В Нью-Йорке недавно завершились гастроли белорусского «Свободного театра», прямиком из Лондона доставившего свою относительно свежую пьесу «Trash Cuisine». Спектакль проходил в культовом театре «La MaMa», на подмостках которого в 60-х и 70-х отметились практически все нью-йоркские фрики, звезды, музыканты и супергерои. Театр экспериментальный, провокационный и cправедливый – в их свежайшей само-презентации на сайте белорусский «Свободный театр» запросто соседствует с Филипом Глассом: действительно, Гласс именно там начинал свою карьеру, а белорусы свою – да, именно – продолжают. У меня La MaMa всегда ассоциировалась с давней историей про подлинность и Патти Смит – когда Патти пыталась играть в пьесе Джеки Кертиса, на нее вечно прикрикивали: не можешь уже нормально ширнуться обычной водой на сцене, шприца никогда не видела, что ли? обними ее как-то более страстно, ты что, с женщинами никогда не спала, что ли? Патти, смущенная и поэтому отважная девочка из Джерси, бубнила в ответ: иголок боюсь до смерти, никаких наркотиков не пробовала, с девочками ничего никогда не было и что с ними делать поэтому неясно.
Режиссер, нежный воспитанник уорхоловской «Фабрики», не верил: «Да ладно! Ты не лесбиянка, что ли?

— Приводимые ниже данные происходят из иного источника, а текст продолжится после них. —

Lemma equiv_nice_hom (tau : 'I_n -> 'I_n) (d : 'I_n -> RR) :
  injective tau -> (forall i, d i != 0) -> (forall i, psi (e i) = d i *: e' (tau i)) ->
  {morph psi : x y / br x y} -> equiv_nice br e e'.
Proof.
move=> tau_inj d0 psiE psi_br; set t := fun i => d i *: e' (tau i).
have Ht : is_basis t.
  apply: is_basis_spanning => v; exists (fun i => dual e' (tau i) v / d i).
  rewrite {1}(basis_expand v He') (reindex_inj tau_inj).
  by apply: eq_bigr => i _; rewrite scalerA divfK.
have psi_expand v : psi v = \sum_i dual e i v *: t i.
  rewrite {1}(basis_expand v He) linear_sum; apply: eq_bigr => i _.
  by rewrite linearZ /= psiE.
exists psi; split; last by move=> i; exists (tau i), (d i).
split=> //; exists (fun v => \sum_j dual t j v *: e j) => v.
  rewrite [RHS](basis_expand v He); apply: eq_bigr => j _.
  by rewrite -(dual_coord Ht (psi_expand v)).
rewrite [RHS](basis_expand v Ht) psi_expand; apply: eq_bigr => j _.
by congr (_ *: _); exact: (dual_coord (w := fun j => dual t j v) He).
Qed.

End EquivCriterion.

Lemma split_lshift (a b : nat) (i : 'I_a) : split (lshift b i) = inl i.
Proof. exact: (unsplitK (inl i)). Qed.
Lemma split_rshift (a b : nat) (j : 'I_b) : split (rshift a j) = inr j.
Proof. exact: (unsplitK (inr j)). Qed.

Lemma sum_row_mx (a b : nat) (I : finType) (F : I -> vec a) (G : I -> vec b) :
  \sum_i row_mx (F i) (G i) = row_mx (\sum_i F i) (\sum_i G i).
Proof.
apply: (big_rec3 (fun x y z => x = row_mx y z)); first by rewrite row_mx0.
by move=> i x y z _ ->; rewrite add_row_mx.
Qed.

Lemma iter_br_cat (m : nat) (br : vec m -> vec m -> vec m) xs ys y :
  iter_br br (xs ++ ys) y = iter_br br xs (iter_br br ys y).
Proof. by elim: xs => //= x xs ->. Qed.

Lemma is_nilpotent_ge (m : nat) (br : vec m -> vec m -> vec m) k :
  (forall xs y, size xs = k -> iter_br br xs y = 0) ->
  forall xs y, (k <= size xs)%N -> iter_br br xs y = 0.
Proof.
move=> Hk xs y k_le; rewrite -(cat_take_drop k xs) iter_br_cat.
by apply: Hk; rewrite size_takel.
Qed.

Section DirectSum.
Variables (a b : nat) (br1 : vec a -> vec a -> vec a) (br2 : vec b -> vec b -> vec b).

Definition dsum (u v : vec (a + b)) : vec (a + b) :=
  row_mx (br1 (lsubmx u) (lsubmx v)) (br2 (rsubmx u) (rsubmx v)).

Lemma dsum_row_mx x1 x2 y1 y2 :
  dsum (row_mx x1 x2) (row_mx y1 y2) = row_mx (br1 x1 y1) (br2 x2 y2).
Proof. by rewrite /dsum !row_mxKl !row_mxKr. Qed.

Lemma dsum_lie : is_lie_bracket br1 -> is_lie_bracket br2 -> is_lie_bracket dsum.
Proof.
case=> [L1 R1 A1 J1] [L2 R2 A2 J2]; split.
- by move=> c x y z; rewrite /dsum !linearP /= L1 L2 scale_row_mx add_row_mx.
- by move=> c x y z; rewrite /dsum !linearP /= R1 R2 scale_row_mx add_row_mx.
- by move=> x; rewrite /dsum A1 A2 row_mx0.
- by move=> x y z; rewrite /dsum !row_mxKl !row_mxKr !add_row_mx J1 J2 row_mx0.
Qed.

Lemma lsubmx_iter_dsum xs y :
  lsubmx (iter_br dsum xs y) = iter_br br1 (map lsubmx xs) (lsubmx y).
Proof. by elim: xs => //= x xs <-; rewrite /dsum row_mxKl. Qed.
Lemma rsubmx_iter_dsum xs y :
  rsubmx (iter_br dsum xs y) = iter_br br2 (map rsubmx xs) (rsubmx y).
Proof. by elim: xs => //= x xs <-; rewrite /dsum row_mxKr. Qed.

Lemma dsum_nilpotent : nilpotent_lie br1 -> nilpotent_lie br2 -> nilpotent_lie dsum.
Proof.
case=> L1 [k1 N1] [L2 [k2 N2]]; split; first exact: dsum_lie.
exists (maxn k1 k2) => xs y size_xs.
rewrite -[iter_br _ _ _]hsubmxK lsubmx_iter_dsum rsubmx_iter_dsum.
by rewrite (is_nilpotent_ge N1) ?(is_nilpotent_ge N2) ?row_mx0 // size_map size_xs
  ?leq_maxl ?leq_maxr.
Qed.

Variables (e1 : 'I_a -> vec a) (e2 : 'I_b -> vec b).

Definition dbasis (k : 'I_(a + b)) : vec (a + b) :=
  match split k with inl i => row_mx (e1 i) 0 | inr j => row_mx 0 (e2 j) end.

Lemma dbasis_l i : dbasis (lshift b i) = row_mx (e1 i) 0.
Proof. by rewrite /dbasis split_lshift. Qed.
Lemma dbasis_r j : dbasis (rshift a j) = row_mx 0 (e2 j).
Proof. by rewrite /dbasis split_rshift. Qed.

Hypotheses (He1 : is_basis e1) (He2 : is_basis e2).

Definition dsum_coord (v : vec (a + b)) (k : 'I_(a + b)) : RR :=
  match split k with inl i => dual e1 i (lsubmx v) | inr j => dual e2 j (rsubmx v) end.

Lemma dbasis_expand v : v = \sum_k dsum_coord v k *: dbasis k.
Proof.
rewrite big_split_ord /=.
under eq_bigr do rewrite /dsum_coord dbasis_l split_lshift scale_row_mx scaler0.
under [X in _ = _ + X]eq_bigr do rewrite /dsum_coord dbasis_r split_rshift scale_row_mx scaler0.
rewrite !sum_row_mx add_row_mx !big1_eq addr0 add0r.
by rewrite -(basis_expand _ He1) -(basis_expand _ He2) hsubmxK.
Qed.

Lemma dbasis_is_basis : is_basis dbasis.
Proof. by apply: is_basis_spanning => v; exists (dsum_coord v); apply: dbasis_expand. Qed.

Lemma dual_dbasis_l v i : dual dbasis (lshift b i) v = dual e1 i (lsubmx v).
Proof.
by rewrite (dual_coord dbasis_is_basis (dbasis_expand v)) /dsum_coord split_lshift.
Qed.
Lemma dual_dbasis_r v j : dual dbasis (rshift a j) v = dual e2 j (rsubmx v).
Proof.
by rewrite (dual_coord dbasis_is_basis (dbasis_expand v)) /dsum_coord split_rshift.
Qed.

Hypotheses (Hbr1 : is_lie_bracket br1) (Hbr2 : is_lie_bracket br2).

Lemma dsum_nice : nice_basis br1 e1 -> nice_basis br2 e2 -> nice_basis dsum dbasis.
Proof.
move=> /(nice_basisP Hbr1) [_ M1 U1] /(nice_basisP Hbr2) [_ M2 U2].
apply/(nice_basisP (dsum_lie Hbr1 Hbr2)); split; first exact: dbasis_is_basis.
- move=> k l; case: (split_ordP k) => i ->; case: (split_ordP l) => j ->;
    rewrite ?dbasis_l ?dbasis_r dsum_row_mx ?(br0l Hbr1) ?(br0r Hbr1) ?(br0l Hbr2)
      ?(br0r Hbr2) ?row_mx0.
  + by have [m [c ->]] := M1 i j; exists (lshift b m), c; rewrite dbasis_l scale_row_mx scaler0.
  + by exists (lshift b i), 0; rewrite scale0r.
  + by exists (lshift b j), 0; rewrite scale0r.
  + by have [m [c ->]] := M2 i j; exists (rshift a m), c; rewrite dbasis_r scale_row_mx scaler0.
- move=> i k l l'; case: (split_ordP i) => {}i ->; case: (split_ordP k) => {}k ->;
  case: (split_ordP l) => {}l ->; case: (split_ordP l') => {}l' ->;
  rewrite ?dbasis_l ?dbasis_r ?dsum_row_mx ?dual_dbasis_l ?dual_dbasis_r ?row_mxKl ?row_mxKr
    ?(br0l Hbr1) ?(br0r Hbr1) ?(br0l Hbr2) ?(br0r Hbr2) ?linear0 ?eqxx //.
  + by move=> H H'; rewrite (U1 _ _ _ _ H H').
  + by move=> H H'; rewrite (U2 _ _ _ _ H H').
Qed.

Lemma ad_rank_ge2_dsum_l u : ad_rank_ge2 dsum (row_mx u 0) <-> ad_rank_ge2 br1 u.
Proof.
split=> -[y [y' free]].
  exists (lsubmx y), (lsubmx y'); move=> al be Hab; apply: free.
  by rewrite /dsum !row_mxKl !row_mxKr !(br0l Hbr2) !scale_row_mx !scaler0 add_row_mx Hab
    addr0 row_mx0.
exists (row_mx y 0), (row_mx y' 0); move=> al be.
rewrite !dsum_row_mx !(br0l Hbr2) !scale_row_mx !scaler0 add_row_mx addr0 -row_mx0.
by case/eq_row_mx => /free.
Qed.

Lemma ad_rank_ge2_dsum_r v : ad_rank_ge2 dsum (row_mx 0 v) <-> ad_rank_ge2 br2 v.
Proof.
split=> -[y [y' free]].
  exists (rsubmx y), (rsubmx y'); move=> al be Hab; apply: free.
  by rewrite /dsum !row_mxKl !row_mxKr !(br0l Hbr1) !scale_row_mx !scaler0 add_row_mx Hab
    addr0 row_mx0.
exists (row_mx 0 y), (row_mx 0 y'); move=> al be.
rewrite !dsum_row_mx !(br0l Hbr1) !scale_row_mx !scaler0 add_row_mx addr0 -row_mx0.
by case/eq_row_mx => _ /free.
Qed.

Lemma count_ad_rank_ge2_dsum :
  count_ad_rank_ge2 dsum dbasis = (count_ad_rank_ge2 br1 e1 + count_ad_rank_ge2 br2 e2)%N.
Proof.
rewrite /count_ad_rank_ge2 big_split_ord; congr addn; apply: eq_bigr => i _.
  by rewrite dbasis_l (propext (ad_rank_ge2_dsum_l _)).
by rewrite dbasis_r (propext (ad_rank_ge2_dsum_r _)).
Qed.

End DirectSum.

Definition abelian_br (m : nat) (u v : vec m) : vec m := 0.

Lemma abelian_lie m : is_lie_bracket (@abelian_br m).
Proof. by split=> *; rewrite /abelian_br ?scaler0 ?addr0. Qed.

Lemma abelian_nilpotent m : nilpotent_lie (@abelian_br m).
Proof. by split; [exact: abelian_lie | exists 1%N => -[|x []]]. Qed.

Lemma std_nice_abelian m : nice_basis (@abelian_br m) (@std_basis m).
Proof.
apply/(nice_basisP (abelian_lie m)); split; first exact: std_is_basis.
  by move=> i j; exists i, 0; rewrite scale0r.
by move=> i k l l'; rewrite /abelian_br linear0 eqxx.
Qed.

Section CentralExtension.
Variables (n : nat) (br : vec n -> vec n -> vec n).
Hypothesis Hbr : is_lie_bracket br.
Local Notation br1 := (dsum (@abelian_br 1) br).
Local Notation ext e := (dbasis (@std_basis 1) e).
Variables (e e' : 'I_n -> vec n).
Hypotheses (He : is_basis e) (He' : is_basis e').

Section Fold.
Variable phi : vec (1 + n) -> vec (1 + n).
Hypothesis Hphi : lie_automorphism br1 phi.
HB.instance Definition _ := GRing.isLinear.Build RR (vec (1 + n)) (vec (1 + n)) *:%R phi
  (let: And3 lin _ _ := Hphi in lin).
Variables (sc : 'I_(1 + n) -> 'I_(1 + n)) (c : 'I_(1 + n) -> RR).
Hypotheses (phiE : forall k, phi (ext e k) = c k *: ext e' (sc k)).
Hypotheses (sc_inj : injective sc) (c0 : forall k, c k != 0).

Как не пробовала наркотиков, что за фигня?»
Актриса из Патти вышла никудышная – оказалось, что никого, кроме себя самой, представлять на сцене она не умеет.
Драма подлинности в некотором смысле сопровождает и историю со «Свободным театром» – стремясь к своего рода документальной драматургии как минимум на уровне историй и нарратива (раньше это были личные истории жизни самих актеров, теперь это – громкие медиа-истории), они, с одной стороны, являют зрителю запредельную открытость, с другой – если правда состоит в том, что даже водой и понарошку человек ширнуться не может, то как ни притворяйся, а прожженный нью-йоркский зритель распознает в тебе чистую и непорочную девочку из Джерси.
Именно в поисках этой самой сияющей неподдельности я отправилась на спектакль «Thrash Cuisine», посвященный проблеме смертной казни в общемировом масштабе и фактически отталкивающийся от истории с минским взрывом 11 апреля 2011 года и последовавшим за ним хаотичным и точным залпом правосудия.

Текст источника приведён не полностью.